Setting Our Defaults
IC: I’m not as
sanguine as you are about the value of automatically letting a congregation
have its “traditions”. Our congregations do need to be engaged with an
active process of searching the scriptures and reforming their practices. They
need to be continuously “Berean”, if I can borrow that word. But human beings
are inclined to just stay in the groove long after that groove has become
stale. A new challenge to old thinking can be a catalyst to that.
Tom: So all Lord’s
Suppers need a guitarist?
IC: Not all, of course. But is there a scriptural reason why none
ever can?
Tom: No, but declining to make that choice is not an automatic indicator
of being hidebound and out-of-touch.
IC: Where the music is faltering badly, would not some instrumentation
possibly improve the situation? I think so.
Tom: Sure, I have no problem with that. I’m just saying the answer to
“Should we change ‘x’?” is not an automatic affirmative. It’s situational.
It calls for local discernment.
Step Up and Change?
IC: I’m not saying that a new person or someone from a different
background should come in as a boat rocker or rebel. I’m saying that when we
have a tradition that they are finding perplexing, and we find that we have no
good scriptural warrant for that tradition, then that can be the leading of the
Lord that we should reconsider our tradition. It might be our call to step up
and change.
Tom: I guess I see
value in the new person keeping his mouth shut and showing a track record of
character and commitment before making a lot of suggestions about changes. I don’t disagree with you that a new point of view can be a very good
thing — it absolutely can. But not all change is automatically good change either.
I’m
not saying letting all traditions stand should be the default. Some traditions
are pretty lame and outdated. But if a change is going to be made, it had
better be made for a good reason, and it had better be well thought through.
Stale and Unhelpful
IC: But that policy DOES seem to me to make the traditions the default. And I’m skeptical: why should an ineffective, stale,
unhelpful tradition be allowed to prevail anymore than a bad innovation — all other things being equal, of course? Is not the real test
(assuming, again, no scriptural conflict) whether a practice is beneficial, helpful and edifying? Why then should a tradition get a “pass” that innovation is not allowed?

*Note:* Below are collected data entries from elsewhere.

(* Let $A$ be a meet-semilattice and $\kappa$ a regular cardinal. Then $A$ is a complete lattice that is a $\kappa$-frame if and only if $\mathcal{BL}_\kappa(\mathcal{DM} A)=A$.
   Context: $\mathcal{DM} A$ is the complete lattice of normal ideals of $A$. An existing join $\bigvee S$ is distributive if $a\wedge\bigvee S=\bigvee\{a\wedge s:s\in S\}$ for all $a$. $\mathcal{BL} A$ is the frame of D-ideals of $A$ (downsets containing $\bigvee S$ for every subset $S$ with distributive join), and $A$ is identified with $\{{\downarrow}a:a\in A\}\subseteq\mathcal{DM} A\subseteq\mathcal{BL} A$. $\mathcal{BL}_\kappa(\mathcal{DM} A)$ is the sub-$\kappa$-frame of $\mathcal{BL} A$ generated by $\mathcal{DM} A$ (closure under finite meets and joins of fewer than $\kappa$ elements computed in $\mathcal{BL} A$). A $\kappa$-frame is a meet-semilattice in which all joins of fewer than $\kappa$ elements exist and are distributive. *)

(* Subsets are
   predicates A -> Prop. Cardinals are represented by types. *)

Section Defs.
Context {A : Type} (le : A -> A -> Prop).

Definition partial_order : Prop :=
  (forall x, le x x) /\
  (forall x y, le x y -> le y x -> x = y) /\
  (forall x y z, le x y -> le y z -> le x z).

Definition upper_bound (S : A -> Prop) (u : A) : Prop := forall s, S s -> le s u.
Definition lower_bound (S : A -> Prop) (l : A) : Prop := forall s, S s -> le l s.

Definition is_lub (S : A -> Prop) (j : A) : Prop :=
  upper_bound S j /\ forall u, upper_bound S u -> le j u.

Definition is_meet (a b m : A) : Prop :=
  le m a /\ le m b /\ forall l, le l a -> le l b -> le l m.

Definition meet_semilattice : Prop :=
  partial_order /\ forall a b, exists m, is_meet a b m.

Definition complete_lattice : Prop :=
  forall S : A -> Prop, exists j, is_lub S j.

Definition distributive_join (S : A -> Prop) (j : A) : Prop :=
  forall a m, is_meet a j m ->
    is_lub (fun x => exists s, S s /\ is_meet a s x) m.

Definition downset (D : A -> Prop) : Prop := forall x y, le x y -> D y -> D x.

Definition principal (a : A) : A -> Prop := fun x => le x a.

(* normal ideals: I = (I^u)^l ; the elements of DM A *)
Definition normal_ideal (I : A -> Prop) : Prop :=
  forall x, I x <-> (forall u, upper_bound I u -> le x u).

(* D-ideals: the elements of BL A *)
Definition D_ideal (D : A -> Prop) : Prop :=
  downset D /\
  forall (S : A -> Prop) (j : A),
    (forall s, S s -> D s) -> is_lub S j -> distributive_join S j -> D j.

(* join in BL A of a family of D-ideals: the least D-ideal containing the union *)
Definition BL_join {I : Type} (F : I -> A -> Prop) : A -> Prop :=
  fun x => forall D, D_ideal D -> (forall i y, F i y -> D y) -> D x.

End Defs.

Definition card_lt (X Y : Type) : Prop :=
  (exists f : X -> Y, forall x1 x2, f x1 = f x2 -> x1 = x2) /\
  ~ (exists g : Y -> X, forall y1 y2, g y1 = g y2 -> y1 = y2).

Definition regular_cardinal (K : Type) : Prop :=
  (exists f : nat -> K, forall n m, f n = f m -> n = m) /\
  forall (I : Type) (X : I -> Type),
    card_lt I K -> (forall i, card_lt (X i) K) -> card_lt {i : I & X i} K.

Definition kappa_frame {A : Type} (le : A -> A -> Prop) (K : Type) : Prop :=
  meet_semilattice le /\
  forall S : A -> Prop, card_lt {x : A | S x} K ->
    (exists j, is_lub le S j) /\ (forall j, is_lub le S j -> distributive_join le S j).

(* BL_kappa(DM A): the sub-kappa-frame of BL A generated by DM A, i.e. the
   closure of DM A under binary meets (intersections) and joins in BL A of
   families of fewer than kappa elements (stated up to extensional equality
   of subsets). *)
Inductive BLk_DM {A : Type} (le : A -> A -> Prop) (K : Type) : (A -> Prop) -> Prop :=
| BLk_base : forall I, normal_ideal le I -> BLk_DM le K I
| BLk_meet : forall I J, BLk_DM le K I -> BLk_DM le K J ->
    BLk_DM le K (fun x => I x /\ J x)
| BLk_join : forall (Ix : Type) (F : Ix -> A -> Prop), card_lt Ix K ->
    (forall i, BLk_DM le K (F i)) -> BLk_DM le K (BL_join le F)
| BLk_ext : forall I J, BLk_DM le K I -> (forall x, I x <-> J x) -> BLk_DM le K J.

From Stdlib Require Import IndefiniteDescription ProofIrrelevance.

(* If A is complete and a kappa-frame, every element of BL_kappa(DM A) is
   principal: a normal ideal is the principal ideal of its join, intersections
   of principal ideals are principal, and the BL-join of fewer than kappa
   principal ideals ↓a_i is ↓(⋁ a_i), because that join is distributive and
   D-ideals are closed under distributive joins.  Conversely, if all of
   BL_kappa(DM A) is principal, the normal ideal (S^u)^l generated by S is
   some ↓a, and a = ⋁S, so A is complete.  For |S| < kappa the BL-join of the
   ↓s (s in S) is some ↓b; it contains ⋁S, and for every a and every upper
   bound u of {a ∧ s | s in S} the set {x | a ∧ x <= u} is a D-ideal containing
   S, whence a ∧ ⋁S <= u. *)

Definition is_principal {A : Type} (le : A -> A -> Prop) (I : A -> Prop) : Prop :=
  exists a, forall x, I x <-> principal le a x.

Section Ideals.
Context {A : Type} (le : A -> A -> Prop).
Hypothesis le_refl : forall x, le x x.
Hypothesis le_trans : forall x y z, le x y -> le y z -> le x z.

Lemma principal_D_ideal (b : A) : D_ideal le (principal le b).
Proof.
  split.
  - intros x y Hxy Hy. exact (le_trans _ _ _ Hxy Hy).
  - intros S j HS [_ Hj] _. apply Hj. intros s Hs. exact (HS s Hs).
Qed.

Lemma principal_normal_ideal (a : A) : normal_ideal le (principal le a).
Proof.
  intro x; split.
  - intros Hx u Hu. exact (le_trans _ _ _ Hx (Hu a (le_refl a))).
  - intro H. apply H. intros s Hs. exact Hs.
Qed.

Lemma normal_ideal_principal_lub (I : A -> Prop) (j : A) :
  normal_ideal le I -> is_lub le I j -> forall x, I x <-> principal le j x.
Proof.
  intros HI [Hub Hleast] x. split.
  - intro Hx. exact (Hub x Hx).
  - intro Hx. apply (proj2 (HI x)). intros u Hu. exact (le_trans _ _ _ Hx (Hleast u Hu)).
Qed.

Lemma principal_meet (a b m : A) :
  is_meet le a b m -> forall x, principal le a x /\ principal le b x <-> principal le m x.
Proof.
  intros [Hma [Hmb Hglb]] x. unfold principal. split.
  - intros [Ha Hb]. exact (Hglb x Ha Hb).
  - intro Hx. split; eauto.
Qed.

Lemma upper_lower_normal_ideal (S : A -> Prop) :
  normal_ideal le (fun x => forall u, upper_bound le S u -> le x u).
Proof.
  intro x; split.
  - intros Hx u Hu. apply Hx. intros s Hs. apply Hu. intros v Hv. exact (Hv s Hs).
  - intros Hx u Hu. apply Hx. intros y Hy. exact (Hy u Hu).
Qed.

Lemma is_lub_of_upper_lower_principal (S : A -> Prop) (a : A) :
  (forall x, (forall u, upper_bound le S u -> le x u) <-> principal le a x) ->
  is_lub le S a.
Proof.
  intro Ha. split.
  - intros s Hs. apply (proj1 (Ha s)). intros u Hu. exact (Hu s Hs).
  - intros u Hu. exact (proj2 (Ha a) (le_refl a) u Hu).
Qed.

Lemma BL_join_principal_of_distributive_join {Ix : Type}
    (F : Ix -> A -> Prop) (f : Ix -> A) (j : A) :
  (forall i x, F i x <-> principal le (f i) x) ->
  is_lub le (fun x => exists i, f i = x) j ->
  distributive_join le (fun x => exists i, f i = x) j ->
  forall x, BL_join le F x <-> principal le j x.
Proof.
  intros HF Hj Hdistr x. split.
  - intro Hx. apply (Hx _ (principal_D_ideal j)).
    intros i y Hy. apply (le_trans _ (f i)).
    + exact (proj1 (HF i y) Hy).
    + apply (proj1 Hj). exists i. reflexivity.
  - intros Hx D HD HFD. apply (proj1 HD x j Hx).
    apply (proj2 HD (fun y => exists i, f i = y) j); [| exact Hj | exact Hdistr].
    intros s [i <-]. apply (HFD i). exact (proj2 (HF i (f i)) (le_refl _)).
Qed.

Lemma is_meet_monotone (a x y mx my : A) :
  is_meet le a x mx -> is_meet le a y my -> le x y -> le mx my.
Proof.
  intros [Hxa [Hxx _]] [_ [_ Hglb]] Hxy. exact (Hglb mx Hxa (le_trans _ _ _ Hxx Hxy)).
Qed.

Hypothesis meets : forall a b, exists m, is_meet le a b m.

Lemma meet_below_D_ideal (a u : A) :
  D_ideal le (fun x => forall m, is_meet le a x m -> le m u).
Proof.
  split.
  - intros x y Hxy Hy mx Hmx. destruct (meets a y) as [my Hmy].
    exact (le_trans _ _ _ (is_meet_monotone _ _ _ _ _ Hmx Hmy Hxy) (Hy my Hmy)).
  - intros T t HT Ht Hdistr mt Hmt.
    apply (proj2 (Hdistr a mt Hmt)). intros x [s [Hs Hx]]. exact (HT s Hs x Hx).
Qed.

Lemma distributive_join_of_BL_join_principal (S : A -> Prop) (j b : A) :
  is_lub le S j ->
  (forall x, BL_join le (fun p : {x | S x} => principal le (proj1_sig p)) x <->
             principal le b x) ->
  distributive_join le S j.
Proof.
  intros Hj Hb a m Hm.
  assert (Hjb : le j b).
  { apply (proj2 Hj). intros s Hs. apply (proj1 (Hb s)).
    intros D _ HD. exact (HD (exist _ s Hs) s (le_refl s)). }
  assert (Hj_in_join := proj2 (Hb j) Hjb).
  split.
  - intros x [s [Hs Hx]].
    exact (is_meet_monotone _ _ _ _ _ Hx Hm (proj1 Hj s Hs)).
  - intros u Hu. apply (Hj_in_join _ (meet_below_D_ideal a u)); [| exact Hm].
    intros [s Hs] y Hy my Hmy. destruct (meets a s) as [ms Hms].
    apply (le_trans _ ms).
    + exact (is_meet_monotone _ _ _ _ _ Hmy Hms Hy).
    + apply Hu. exists s. split; assumption.
Qed.

End Ideals.

Lemma card_lt_of_injection {X Y : Type} (K : Type) (g : X -> Y) :
  (forall x1 x2, g x1 = g x2 -> x1 = x2) -> card_lt Y K -> card_lt X K.
Proof.
  intros Hg [[f Hf] Hnot]. split.
  - exists (fun x => f (g x)). intros x1 x2 E. exact (Hg _ _ (Hf _ _ E)).
  - intros [h Hh]. apply Hnot. exists (fun k => g (h k)).
    intros k1 k2 E. exact (Hh _ _ (Hg _ _ E)).
Qed.

Lemma card_lt_range {A Ix : Type} (K : Type) (f : Ix -> A) :
  card_lt Ix K -> card_lt {x | exists i, f i = x} K.
Proof.
  apply (card_lt_of_injection K
           (fun p : {x | exists i, f i = x} =>
              proj1_sig (constructive_indefinite_description _ (proj2_sig p)))).
  intros [x Hx] [y Hy]. simpl.
  destruct (constructive_indefinite_description _ Hx) as [i <-].
  destruct (constructive_indefinite_description _ Hy) as [i' <-].
  simpl. intros <-. f_equal. apply proof_irrelevance.
Qed.

Lemma BLk_DM_principal {A : Type} (le : A -> A -> Prop) (K : Type) :
  complete_lattice le -> kappa_frame le K ->
  forall I, BLk_DM le K I -> is_principal le I.
Proof.
  intros CL [[[le_refl [_ le_trans]] meets] KF] I HI.
  induction HI as [I HI | I J _ [a Ha] _ [b Hb] | Ix F HIx _ HF | I J _ [a Ha] HIJ].
  - destruct (CL I) as [j Hj]. exists j.
    exact (normal_ideal_principal_lub le le_trans I j HI Hj).
  - destruct (meets a b) as [m Hm]. exists m. intro x.
    rewrite Ha, Hb. exact (principal_meet le le_trans a b m Hm x).
  - destruct (functional_choice _ HF) as [f Hf].
    destruct (KF _ (card_lt_range K f HIx)) as [_ Hdistr].
    destruct (CL (fun x => exists i, f i = x)) as [j Hj]. exists j.
    exact (BL_join_principal_of_distributive_join le le_refl le_trans F f j Hf Hj
             (Hdistr j Hj)).
  - exists a. intro x. rewrite <- HIJ. exact (Ha x).
Qed.

Lemma complete_lattice_of_normal_ideals_principal {A : Type} (le : A -> A -> Prop) :
  partial_order le ->
  (forall I, normal_ideal le I -> is_principal le I) -> complete_lattice le.
Proof.
  intros [le_refl [_ le_trans]] Hprincipal S.
  destruct (Hprincipal _ (upper_lower_normal_ideal le S)) as [a Ha].
  exists a. exact (is_lub_of_upper_lower_principal le le_refl S a Ha).
Qed.

Lemma kappa_frame_of_BLk_DM_principal {A : Type} (le : A -> A -> Prop) (K : Type) :
  meet_semilattice le -> complete_lattice le ->
  (forall I, BLk_DM le K I -> is_principal le I) -> kappa_frame le K.
Proof.
  intros MS CL Hprincipal. pose proof MS as [[le_refl [_ le_trans]] meets].
  split; [exact MS |]. intros S HS. split; [exact (CL S) |]. intros j Hj.
  assert (Hjoin : BLk_DM le K (BL_join le (fun p : {x | S x} => principal le (proj1_sig p)))).
  { apply BLk_join; [exact HS |]. intro p.
    exact (BLk_base le K _ (principal_normal_ideal le le_refl le_trans _)). }
  destruct (Hprincipal _ Hjoin) as [b Hb].
  exact (distributive_join_of_BL_join_principal le le_refl le_trans meets S j b Hj Hb).
Qed.

Theorem theorem4p14 (A : Type) (le : A -> A -> Prop) (K : Type) :
  meet_semilattice le -> regular_cardinal K ->
  ((complete_lattice le /\ kappa_frame le K) <->
   (forall I : A -> Prop, BLk_DM le K I <-> exists a : A, forall x, I x <-> principal le a x)).
Proof.
  intros MS _. pose proof MS as [PO _]. pose proof PO as [le_refl [_ le_trans]].
  split.
  - intros [CL KF] I. split.
    + exact (BLk_DM_principal le K CL KF I).
    + intros [a Ha]. apply (BLk_ext le K (principal le a)).
      * exact (BLk_base le K _ (principal_normal_ideal le le_refl le_trans a)).
      * intro x. symmetry. exact (Ha x).
  - intro Hprincipal.
    assert (CL : complete_lattice le).
    { apply complete_lattice_of_normal_ideals_principal; [exact PO |].
      intros I HI. exact (proj1 (Hprincipal I) (BLk_base le K I HI)). }
    split; [exact CL |].
    apply kappa_frame_of_BLk_DM_principal; [exact MS | exact CL |].
    intro I. exact (proj1 (Hprincipal I)).
Qed.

Tom: But you’re assuming the
status quo is “stale” and “unhelpful”. It may not be. In some churches it is.
But sometimes it’s the people making suggestions who are on the wrong side of
things. Mrs. So-and-So might push for a guitarist only because her son plays
guitar and she wants to get him involved, and he might be a terrible player.
Changing or not changing is not a matter of reflexively saying “yes” or
reflexively saying “no”. It’s a matter of considering whether what’s being offered is beneficial,
helpful and edifying, as well as considering whether what’s already being done
meets those criteria. Which I think is what you’re saying.
For that matter, it may be that a third
course of action — something entirely different — would be preferable
to both the status quo and the suggested change. But you won’t know that until
you really consider both ways of doing things with an open mind.
What Makes for Edification
IC: Yes, that’s quite true. The important point is that all things have
to be up for review. If they edify, or are required by precept or principle of scripture,
we keep them. If they are not edifying — or no
longer edifying — then they’ve got to go.
Tradition, though, resists review: and
habit or inertia makes it the default setting. So some extra energy on the side
of innovation and fresh thinking is required if we are going to find the best
option. With merely equal effort, tradition will rule the roost every time.